Using generic ignore patterns

Next to Hive metadata entities, generic ignore patterns can be set up to reduce resource consumption caused by the incoming metadata from any type of service.

Generic ignore patterns allow you to specify entities using regex patterns to be excluded from metadata capture and processing. This helps you to focus its metadata management efforts on relevant data entities, reducing clutter and improving the accuracy and efficiency of metadata operations.

The supported metadata sources include the following:
  • Apache Hbase Hook
  • Apache Hive Metastore Hook
  • Apache HiveServer2 Hook
  • Apache Impala Hook
  • Apache Spark Hook

Generic ignore patterns on the server side

Ignore pattern can be configured to ignore entities based on Type Name, qualifiedName or both. You can configure the generic ignore pattern in Atlas Server Advanced Configuration Snippet (Safety Valve) for conf/atlas-application.properties:

  1. Go to Cloudera Manager > Clusters > Atlas > Configuration.
  2. Search for conf/atlas-application.properties.
  3. Enter the following configurations combined with your regex expression:
    Configuration for Type Name
    atlas.notification.consumer.preprocess.entity.type.ignore.pattern
    
    Configuration for qualifiedName
    atlas.notification.consumer.preprocess.entity.ignore.pattern
    
  4. Click Save Changes.
  5. Click Actions > Restart to apply your changes.
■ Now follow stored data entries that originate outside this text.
(* The theorem is the unfolded form of the one-step recursion
     G_{j+1} = L^-2 (G_j + C'_j)          (1 <= j < m)
   between the operators.  In index coordinates the dilation
   f |-> f_lam is the identity: the rescaling of Omega^(j) is carried by the
   spacing L^-j of the Laplacian inside G_j.  All operators act on functions
   on finite index sets, so the argument is finite-dimensional linear algebra:
   1. an operator commuting with finite linear combinations is the
      application of its matrix [mx_of];
   2. summation by parts for the Neumann Laplacian (symmetry, sign, kernel =
      constants) and the block-averaging identities Q Q^* = 1, Q = b^-d Q^*^T,
      Q_{j+1} = Q_1 Q_j;
   3. hence M_j = -Delta + mu_j + a_j Q^*Q is symmetric positive definite and
      G_j = M_j^-1 exists;
   4. the scaling rules for a_j and mu_j give M_j = L^-2 M_{j+1} + Q^* X Q
      with X = a_j - a_{j+1} L^-2 Q_1^*Q_1, and a Woodbury-type identity
      expresses (L^-2 M_{j+1})^-1 through G_j and X + X K X = a_j^2 C_j;
   the recursion follows and the theorem is proved by induction on k. *)

Section MatrixRepresentation.
Variable R : fieldType.

Definition dirac (T : finType) (t : T) : T -> R := fun s => if s == t then 1 else 0.

Lemma sum_mul_dirac (T : finType) (g : T -> R) (x : T) :
  \sum_t g t * dirac t x = g x.
Proof.
rewrite (bigD1 x) //= big1 /dirac ?eqxx ?mulr1 ?addr0 // => t /negbTE.
by rewrite eq_sym => ->; rewrite mulr0.
Qed.

Lemma sum_indicator (T : finType) (P : pred T) (t : T) :
  \sum_(x | P x) (if x == t then 1 else 0 : R) = if P t then 1 else 0.
Proof.
rewrite big_mkcond /= (bigD1 t) //= eqxx big1 ?addr0; first by case: (P t).
by move=> x /negbTE ->; case: (P x).
Qed.

Lemma appE (S T : finType) (M : 'M[R]_(#|{: S}|, #|{: T}|)) f s :
  app M f s = \sum_j M (enum_rank s) j * f (enum_val j).
Proof. by rewrite /app !mxE; apply: eq_bigr => j _; rewrite mxE. Qed.

Lemma app_congr (S T : finType) (M : 'M[R]_(#|{: S}|, #|{: T}|)) f g s :
  (forall t, f t = g t) -> app M f s = app M g s.
Proof. by move=> fg; rewrite !appE; apply: eq_bigr => j _; rewrite fg. Qed.

Lemma app_mul (S T U : finType) (M : 'M[R]_(#|{: S}|, #|{: T}|))
    (N : 'M[R]_(#|{: T}|, #|{: U}|)) f s :
  app M (app N f) s = app (M *m N) f s.
Proof.
have colN : \col_j app N f (enum_val j) = N *m \col_j f (enum_val j).
  by apply/colP => i; rewrite mxE /app enum_valK.
by rewrite /app colN mulmxA.
Qed.

Lemma app_add (S T : finType) (M N : 'M[R]_(#|{: S}|, #|{: T}|)) f s :
  app (M + N) f s = app M f s + app N f s.
Proof. by rewrite /app mulmxDl mxE. Qed.

Lemma app_opp (S T : finType) (M : 'M[R]_(#|{: S}|, #|{: T}|)) f s :
  app (- M) f s = - app M f s.
Proof. by rewrite /app mulNmx mxE. Qed.

Lemma app_scale (S T : finType) c (M : 'M[R]_(#|{: S}|, #|{: T}|)) f s :
  app (c *: M) f s = c * app M f s.
Proof. by rewrite /app -scalemxAl mxE. Qed.

Lemma app_id (T : finType) f (s : T) : app (1%:M : 'M[R]_#|{: T}|) f s = f s.
Proof. by rewrite /app mul1mx mxE enum_rankK. Qed.

Lemma mx_of_app (S T : finType) (M : 'M[R]_(#|{: S}|, #|{: T}|)) :
  mx_of (app M) = M.
Proof.
apply/matrixP => i j; rewrite mxE appE enum_valK (bigD1 j) //= eqxx mulr1.
rewrite big1 ?addr0 // => l /negbTE lj.
by rewrite (inj_eq enum_val_inj) lj mulr0.
Qed.

Lemma mx_of_ext (S T : finType) (F : (T -> R) -> S -> R)
    (M : 'M[R]_(#|{: S}|, #|{: T}|)) :
  (forall f s, F f s = app M f s) -> mx_of F = M.
Proof. by move=> H; rewrite -[RHS]mx_of_app; apply/matrixP => i j; rewrite !mxE H. Qed.

Lemma app_inj (S T : finType) (M N : 'M[R]_(#|{: S}|, #|{: T}|)) :
  (forall f s, app M f s = app N f s) -> M = N.
Proof. by move=> H; rewrite -(mx_of_app M); apply: mx_of_ext. Qed.

Lemma mx_ofE (S T : finType) (F : (T -> R) -> S -> R) :
  (forall (c : T -> R) (g : T -> T -> R) s,
      F (fun x => \sum_t c t * g t x) s = \sum_t c t * F (g t) s) ->
  forall f s, F f s = app (mx_of F) f s.
Proof.
move=> lin f s.
have -> : F f s = \sum_t f t * F (dirac t) s.
  rewrite -lin; congr (F _ s); apply: functional_extensionality => x.
  rewrite -[LHS](sum_mul_dirac f x).
  by apply: eq_bigr => t _; rewrite /dirac eq_sym.
rewrite appE (reindex (@enum_val _ (pred_of_simpl (pred_of_argType T)))) /=.
  by apply: eq_bigr => j _; rewrite mxE enum_rankK mulrC.
by apply: onW_bij; apply: enum_val_bij.
Qed.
Ignoring all Apache Hive entities

atlas.notification.consumer.preprocess.entity.type.ignore.pattern=hive_.*

Ignoring all entities with suffix _tmp in their name

atlas.notification.consumer.preprocess.type.ignore.pattern=.*\\..*_tmp.*

Ignoring all Apache Hive entities with column name "password" and "confidential" as table name

atlas.notification.consumer.preprocess.entity.ignore.pattern=.*\\..*\\..*password.*,.*\\..*confidential.*
atlas.notification.consumer.preprocess.entity.type.ignore.pattern=hive_column,hive_table_ddl

Ignoring all Apache Hive entities with suffix _tmp in their name

atlas.notification.consumer.preprocess.entity.type.ignore.pattern=hive_.*
atlas.notification.consumer.preprocess.entity.ignore.pattern=.*\\..*_tmp.*

Generic ignore patterns on the hook side

Ignore pattern can be configured on the hook side to ignore entities based on qualifiedName. You can configure the hook side generic ignore patterns Cloudera Manager Advanced Configuration Snippet (Safety Valve) for atlas-application properties section of each individual hook:

  1. Go to Cloudera Manager > Clusters > ***Hook Service*** > Configuration.
  2. Search for atlas-application.properties.
  3. Enter the following configurations combined with your regex expression:
    Configuration for qualifiedName
    atlas.hook.entity.ignore.pattern
  4. Click Save Changes.
  5. Click Actions > Restart to apply your changes.

Ignoring all entities with “test” in their name

atlas.hook.entity.ignore.pattern=.*\\.test.*